One of the features that was brought over from the ONE X2 is the unprotected WiFi hotspot that is active any time the camera is powered up. This allows anyone within WiFi range the ability to connect to the camera and browse (or download) any photos or videos that are stored on it:
In addition to this, telnet is still enabled, with the root account having no password. Just telnet to that IP address and log in as root to have full access to the camera’s file system:
It is disappointing to see this unsecure access method continued in the next generation of their camera, but the company has posted that they are aware of this and are working on it.
Of course, the majority of users simply will not care. “It’s very unlikely to happen to me,” they say. “And if it does, so what, they get my photos.”
In other words, this is just like any other security issue out there. Some folks treat them seriously and take steps to avoid the problems, and others just don’t care. If it were not for the “don’t care” crowd, we wouldn’t have such great malware, viruses and ransomware :)
The exploit allows anyone within WiFi range the ability to connect to your camera and do “stuff.” According to the PetaPixel article, Insta360 has already plugged some of this:
Currently the list_directory has already been terminated and it is no longer possible to access the camera content through the browser.
– Insta360 response, per PetaPixel article
Unfortunately, this is not true. Using the current available firmware, v1.0.59_build1, on my ONE X2 I see it appear on WiFi as expected:
…and if I select this interface, and then open the URL in a browser, I find all my files are indeed able to be listed:
I can then click on one of the .insv video files and play it (or save off a copy):
“And it’s just that easy!”
With this camera, there is no privacy because the camera is broadcasting itself to any WiFi devices around it, and allowing any of them to connect without authentication and then browse and view/download anything on the microSD card.
What’s worse is you can also telnet in to the device. I tried that to see if it still worked:
You will notice it did not ask for a password here, either.
Both of these screenshots (web browser and telnet) were done on my iPad.
WHILE I was connected to my X2 via the iPad, I then connected a Windows PC. Using the default password of “88888888” I was now connected from two devices (which for some reason folks think isn’t possible). Both my Windows PC and my iPad were connected and able to access the files from a web browser.

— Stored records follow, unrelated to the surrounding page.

(* The conditional action distributions pol are those of Algorithm 1 with
   Option II run with tolerances betas:  F_m = \hat F_m(betas m) (F_1 = F), and
   in every round t of epoch m, a_t ~ Unif(A_t). *)
Definition alg1_opt2 (R : realFieldType) (X : Type) (K : nat) (F : (X -> 'I_K -> R) -> Prop)
  (x : nat -> X) (a : nat -> 'I_K) (r : nat -> 'I_K -> R) (betas : nat -> R)
  (pol : nat -> X -> 'I_K -> R) : Prop :=
  exists hi lo : nat -> X -> 'I_K -> R,
    [/\ (forall m, (1 <= m)%N -> is_High (Fhat F x a r m (betas m)) (hi m)),
        (forall m, (1 <= m)%N -> is_Low (Fhat F x a r m (betas m)) (lo m))
      & (forall m t, (1 <= m)%N -> (tau m <= t < tau m.+1)%N -> forall z b,
           pol t z b = if b \in Aset (hi m) (lo m) z
                       then (#|Aset (hi m) (lo m) z|%:R)^-1 else 0)].

(* Algorithm 2 with warm start M0 and tolerances betas: uniform actions for
   t < tau M0; in epochs m >= M0, a_t = sel m x_t, an action maximizing
   High_{F_m}(x_t, .) (sel is the fixed tie-breaking rule of epoch m). *)
Definition alg2 (R : realFieldType) (X : Type) (K : nat) (F : (X -> 'I_K -> R) -> Prop)
  (x : nat -> X) (a : nat -> 'I_K) (r : nat -> 'I_K -> R) (betas : nat -> R)
  (pol : nat -> X -> 'I_K -> R) : Prop :=
  exists (M0 : nat) (hi : nat -> X -> 'I_K -> R) (sel : nat -> X -> 'I_K),
    [/\ (1 <= M0)%N,
        (forall m, (M0 <= m)%N -> is_High (Fhat F x a r m (betas m)) (hi m)),
        (forall m z b, (M0 <= m)%N -> hi m z b <= hi m z (sel m z)),
        (forall t, (1 <= t < tau M0)%N -> forall z b, pol t z b = (K%:R)^-1)
      & (forall m t, (M0 <= m)%N -> (tau m <= t < tau m.+1)%N -> forall z b,
           pol t z b = (b == sel m z)%:R)].

(* Realizability makes the conditional excess loss E_t[M_t(f)] the policy-weighted
   squared distance between f and f*, hence nonnegative.  On the event, the
   cumulative excess loss of every f in F over any window is therefore at least
   -C/2, while membership in \hat F_m(beta) caps it by (tau_m - 1) beta on
   [1, tau_m).  Comparing f with f* gives (1); feeding the cap back into the event
   gives (2), and for the algorithms the policy is constant on epoch m-1, so the
   sum over that epoch is T_{m-1} E_{tau_{m-1}}[M_{tau_{m-1}}(f)].  Splitting
   [1, tau_m) at tau_k gives (3), and (4) follows from (1) and (3) since
   beta_k exceeds the tolerance of (3) by (m - k - 1) C / (tau_k - 1) >= 0. *)
From HB Require Import structures.
From mathcomp Require Import all_boot all_order all_algebra ring lra zify.
From Stdlib Require Import FunctionalExtensionality.
Set Implicit Arguments. Unset Strict Implicit. Unset Printing Implicit Defensive.
Import Order.TTheory GRing.Theory Num.Theory.
Local Open Scope ring_scope.

Lemma tau_gt0 (m : nat) : (0 < tau m)%N.
Proof. exact: expn_gt0. Qed.

Lemma leq_tau (k m : nat) : (k <= m)%N -> (tau k <= tau m)%N.
Proof. by move=> km; rewrite /tau leq_pexp2l //; lia. Qed.

Lemma tau_ge2 (m : nat) : (2 <= m)%N -> (2 <= tau m)%N.
Proof. by move=> m2; apply: leq_trans (leq_tau m2). Qed.

Lemma tauS (m : nat) : (1 <= m)%N -> tau m.+1 = (tau m + Tlen m)%N.
Proof. by case: m => // m _; rewrite /tau /Tlen /= expnS mul2n addnn. Qed.

Lemma expect_ge0 (T : Type) (R : realFieldType) (S : T -> Prop) (E : (T -> R) -> R)
  (h : T -> R) :
  is_expect_on S E -> bounded_on S h -> (forall t, S t -> 0 <= h t) -> 0 <= E h.
Proof.
case=> _ Escale Emono _ hb h_ge0.
have bounded_one : bounded_on S (fun _ => 1 : R) by exists 1 => t _; rewrite normr1.
rewrite -(mul0r (E (fun _ => 1))) -Escale //.
by apply: Emono => // [|t St]; [exists 0 => t _; rewrite mul0r normr0 | rewrite mul0r h_ge0].
Qed.

Lemma expect_sqloss_excess (R : realFieldType) (K : nat) (E : (('I_K -> R) -> R) -> R)
  (b : 'I_K) (c : R) :
  is_expect_on (@unit_cube R K) E ->
  E (fun rr => (c - rr b) ^+ 2 - (E (fun rr => rr b) - rr b) ^+ 2)
    = (c - E (fun rr => rr b)) ^+ 2.
Proof.
case=> Eadd Escale _ Eone; set d := E (fun rr => rr b).
have bounded_scale k (h : ('I_K -> R) -> R) :
    bounded_on (@unit_cube R K) h -> bounded_on (@unit_cube R K) (fun t => k * h t).
  by case=> B hB; exists (`|k| * B) => t Ht; rewrite normrM ler_wpM2l ?hB.
have bounded_one : bounded_on (@unit_cube R K) (fun _ => 1 : R) by exists 1 => t _; rewrite normr1.
have bounded_coord : bounded_on (@unit_cube R K) (fun rr => rr b).
  by exists 1 => t /(_ b) /andP[t0 t1]; rewrite ger0_norm.
have -> : (fun rr : 'I_K -> R => (c - rr b) ^+ 2 - (d - rr b) ^+ 2) =
    (fun rr => (c ^+ 2 - d ^+ 2) * 1 + 2 * (d - c) * rr b).
  by apply: functional_extensionality => rr; ring.
rewrite (Eadd _ _ (bounded_scale _ _ bounded_one) (bounded_scale _ _ bounded_coord)).
by rewrite (Escale _ (fun _ => 1)) // (Escale _ (fun rr => rr b)) // Eone -/d; ring.
Qed.

Definition epochwise_constant (T : Type) (pol : nat -> T) : Prop :=
  forall m t, (1 <= m)%N -> (tau m <= t < tau m.+1)%N -> pol t = pol (tau m).

Lemma alg1_opt2_epochwise_constant (R : realFieldType) (X : Type) (K : nat)
  (F : (X -> 'I_K -> R) -> Prop) (x : nat -> X) (a : nat -> 'I_K) (r : nat -> 'I_K -> R)
  (betas : nat -> R) (pol : nat -> X -> 'I_K -> R) :
  alg1_opt2 F x a r betas pol -> epochwise_constant pol.
Proof.
case=> hi [lo [_ _ pol_def]] m t m1 t_epoch.
have tau_epoch : (tau m <= tau m < tau m.+1)%N by move: t_epoch; lia.
apply: functional_extensionality => z; apply: functional_extensionality => b.
by rewrite (pol_def m t) // (pol_def m (tau m)).
Qed.

Lemma alg2_epochwise_constant (R : realFieldType) (X : Type) (K : nat)
  (F : (X -> 'I_K -> R) -> Prop) (x : nat -> X) (a : nat -> 'I_K) (r : nat -> 'I_K -> R)
  (betas : nat -> R) (pol : nat -> X -> 'I_K -> R) :
  alg2 F x a r betas pol -> epochwise_constant pol.
Proof.
case=> M0 [hi [sel [_ _ _ pol_warm pol_sel]]] m t m1 t_epoch.
have tau_epoch : (tau m <= tau m < tau m.+1)%N by move: t_epoch; lia.
apply: functional_extensionality => z; apply: functional_extensionality => b.
have [M0_le_m | m_lt_M0] := leqP M0 m.
  by rewrite (pol_sel m t) // (pol_sel m (tau m)).
have tau_warm := leq_tau m_lt_M0; have tau_m_gt0 := tau_gt0 m.
by rewrite !pol_warm //; move: t_epoch; lia.
Qed.

Section ConditionalExcessLoss.

Variables (R : realFieldType) (X : Type) (K : nat).
Variables (EX : (X -> R) -> R) (ER : X -> (('I_K -> R) -> R) -> R).
Variables (pol : nat -> X -> 'I_K -> R) (fstar : X -> 'I_K -> R).

Hypothesis EX_expect : is_expect_on (fun _ : X => True) EX.
Hypothesis ER_expect : forall z, is_expect_on (@unit_cube R K) (ER z).
Hypothesis fstar_mean : forall z b, fstar z b = ER z (fun rr => rr b).
Hypothesis fstar_range : forall z b, 0 <= fstar z b <= 1.
Hypothesis pol_ge0 : forall t z b, 0 <= pol t z b.
Hypothesis pol_sum1 : forall t z, \sum_(b < K) pol t z b = 1.

Lemma Et_sq_dist (f : X -> 'I_K -> R) (t : nat) :
  Et EX ER pol fstar f t
    = EX (fun z => \sum_(b < K) pol t z b * (f z b - fstar z b) ^+ 2).
Proof.
congr (EX _); apply: functional_extensionality => z; apply: eq_bigr => b _.
by rewrite /sqloss !fstar_mean expect_sqloss_excess.
Qed.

At least two firmware updates have come out since this first appeared on REDDIT, and it does not appear anything has changed.
ScrewX2: The proof-of-concept that a script kiddie could have written
Shortly after this exploit was first mentioned, someone could have easily created a script that would look for WiFi hotspots following the name “ONE X2 xxxxx” and connect to them. The script could then issue http GET commands to retrieve files on the memory card, or telnet in to delete things, potentially bricking the camera.
Worse, the script could deliver a payload of malware, and if the user ever mounted that memory card in a computer, the malware could have been ran accidentally. Hopefully most of us will never run some random executable or installer found on a camera memory card, but it would be tempting to try to find out what “360VIEWER.EXE” does, or “Insta360MacConverter.dmg” is.
I will not link to any such “screwx2” script, and will delete any links to such posted in the comments here. The cat is firmly out of the bag, with the default WiFi password known, and NO password on the web interface or telnet, so all we can do is hope that Insta360 addresses this issue eventually.